They're Miller to your Budweiser. They're Craig Kilborn to your Conan O'Brien. And more accurately, they're Ken O.Brien to your Phil Simms.

Yes, friends, we're talking about the neglected step-children of New York football, the Jets. No hoopla, no fanfare, not even a "J-E-T-S, JETS! JETS! JETS!"

Nope, they're just the Jets.

The stadium that they play in is called "Giants Stadium" when the NFC team plays. But when the Jets play? They have to settle for "The Meadowlands." Apparently "Jets Stadium" was a source of greater civic embarassment than the uber tacky magic Mets top hat and was therefore rejected as a stadium name. To further illustrate the under-appreciated squalor that the Tecmo Jets exist in, I have created these comparative slides of the Jets and their in-house partners, the Giants.









While we could go on for days illustrating more examples of the Jets subordination to the Giants, I'd rather get right to making fun of Ken O.Brien.

Quarterbacks:

If you have decided to control the Jets for a game, or perhaps even more shockingly, for an entire season, you already know that you are saddled with one of the most overlooked and little-understood teams on the game. To help get you started on your quest for information that may end with you learning the name of a receiver other than Al Toon by the end of the season, I'm going to give you some good quarterback advice.

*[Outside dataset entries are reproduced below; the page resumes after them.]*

Lemma causal_velocity s : I s ->
  alpha ^+ 2 * (derive1 g1 s ^+ 2 + derive1 g2 s ^+ 2) + derive1 g3 s ^+ 2
    <= derive1 g0 s ^+ 2.
Proof.
move=> Is; rewrite -subr_ge0 -/(speed_gap s) leNgt; apply/negP => gap_neg.
have cgap : {for s, continuous speed_gap}.
  have [_ c0] := C1g0 Is; have [_ c1'] := C1g1 Is.
  have [_ c2'] := C1g2 Is; have [_ c3] := C1g3 Is.
  apply: cvgB; first exact: cvgM.
  apply: cvgD; last exact: cvgM.
  by apply: cvgM; [exact: cvg_cst | apply: cvgD; exact: cvgM].
have near_s : \forall y \near s, I y /\ speed_gap y < 0.
  by apply: filterS2 (eitv_nbhs Is) (cvgr_lt _ cgap 0 gap_neg) => y.
have [e e0 se_neg] := nbhs_exists_itvoo near_s.
have se_I y : s - e < y < s + e -> I y by move=> /se_neg[].
have [|y [sey gap_pos]] := speed_gap_dense _ se_I; first lra.
by have [_] := se_neg y sey; lra.
Qed.

End Curve.

End OpenInterval.

End Causality.

Theorem mainTheorem2 (R : realType) (alpha c1 c2 : R) :
  0 < alpha < 1 ->
  (* (i) *)
  (forall x y z v1 v2 v3 : R, (x != 0) || (y != 0) ->
     rho alpha c1 c2 x y z v1 v2 v3 >= alpha ^+ 2 * (v1 ^+ 2 + v2 ^+ 2) + v3 ^+ 2)
  /\
  (* (ii) *)
  (forall (t0 : R) (a b : \bar R) (g0 g1 g2 g3 : R -> R),
     let I := [set s : R | (a < s%:E < b)%E] in
     (a < b)%E ->
     C1_on I g0 -> C1_on I g1 -> C1_on I g2 -> C1_on I g3 ->
     inextendible I g0 g1 g2 g3 ->
     (forall s, I s ->
        ~ [/\ derive1 g0 s = 0, derive1 g1 s = 0, derive1 g2 s = 0 & derive1 g3 s = 0]) ->
     {ae (@lebesgue_measure R), forall s, I s ->
        g_alpha alpha c1 c2 (g0 s) (g1 s) (g2 s) (g3 s)
          (derive1 g0 s) (derive1 g1 s) (derive1 g2 s) (derive1 g3 s) < 0} ->
     exists! s, I s /\ g0 s = t0).
Proof.
move=> /andP[alpha0 alpha1]; have alpha21 : alpha ^+ 2 <= 1 by rewrite expr_le1 // ltW.
split=> [x y z v1 v2 v3 | t0 a b g0 g1 g2 g3 I ab C1g0 C1g1 C1g2 C1g3 inext moving timelike].
  exact: rho_lower_bound.
have speed_bound s : I s -> [/\ `|derive1 g1 s| <= alpha^-1 * `|derive1 g0 s|,
    `|derive1 g2 s| <= alpha^-1 * `|derive1 g0 s| &
    `|derive1 g3 s| <= alpha^-1 * `|derive1 g0 s|].
  move=> Is; apply: speed_component_bound; first by rewrite alpha0 ltW.
  exact: causal_velocity alpha21 C1g0 C1g1 C1g2 C1g3 timelike s Is.
have derivable_on g : C1_on I g -> forall s, I s -> derivable g s 1.
  by move=> Cg s /Cg[].
have g0'_neq0 s : I s -> derive1 g0 s != 0.
  move=> Is; apply/eqP => g0'0; apply: (moving s Is).
  have [] := speed_bound s Is; rewrite g0'0 normr0 mulr0 !normr_le0.
  by move=> /eqP ? /eqP ? /eqP ?.
have K0 : 0 <= alpha^-1 by rewrite invr_ge0 ltW.
exact: (nonvanishing_crossing K0 (derivable_on _ C1g1) (derivable_on _ C1g2)
  (derivable_on _ C1g3) t0 ab (derivable_on _ C1g0) (fun s Is => (C1g0 s Is).2)
  g0'_neq0 speed_bound inext).
Qed.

When the programmers created the game, who do you think they made better? The guy who once started the Super Bowl or the guy whose name is incorrectly punctuated?

If you guessed the incorrectly punctuated gunslinger, go give yourself a swirlie. (I'll wait for you)

(Waiting)

(Waiting)

(Waiting)

Alright, now that you are back, it's obvious that Ken O'Brien sucks. When you view the player data, you'll notice that Mr. O'Brien has become Mr. "O.Brien." It's as if he is now legendary PAT shanker Doug Brien's brother. What does the "O," presumably his new middle name, stand for? Some have theorized that it may be "Oreo" while other scholars have long speculated that it must stand for "Oh I'd rather gouge my eyes out than play a full game with him." Sadly, both groups have it wrong. It actually stands for "out," which is what Ken should be when you start the game. While Tony Eason is not the league's best quarterback and is in all likelihood missing a "t" from his last name, he is still a far better option under center than O.Brien.

You can always tell an experienced Tecmo'er when he immediately yanks O.Brien at the beginning of the game. It's a universal rule for anyone hoping to complete more than zero passes in a contest.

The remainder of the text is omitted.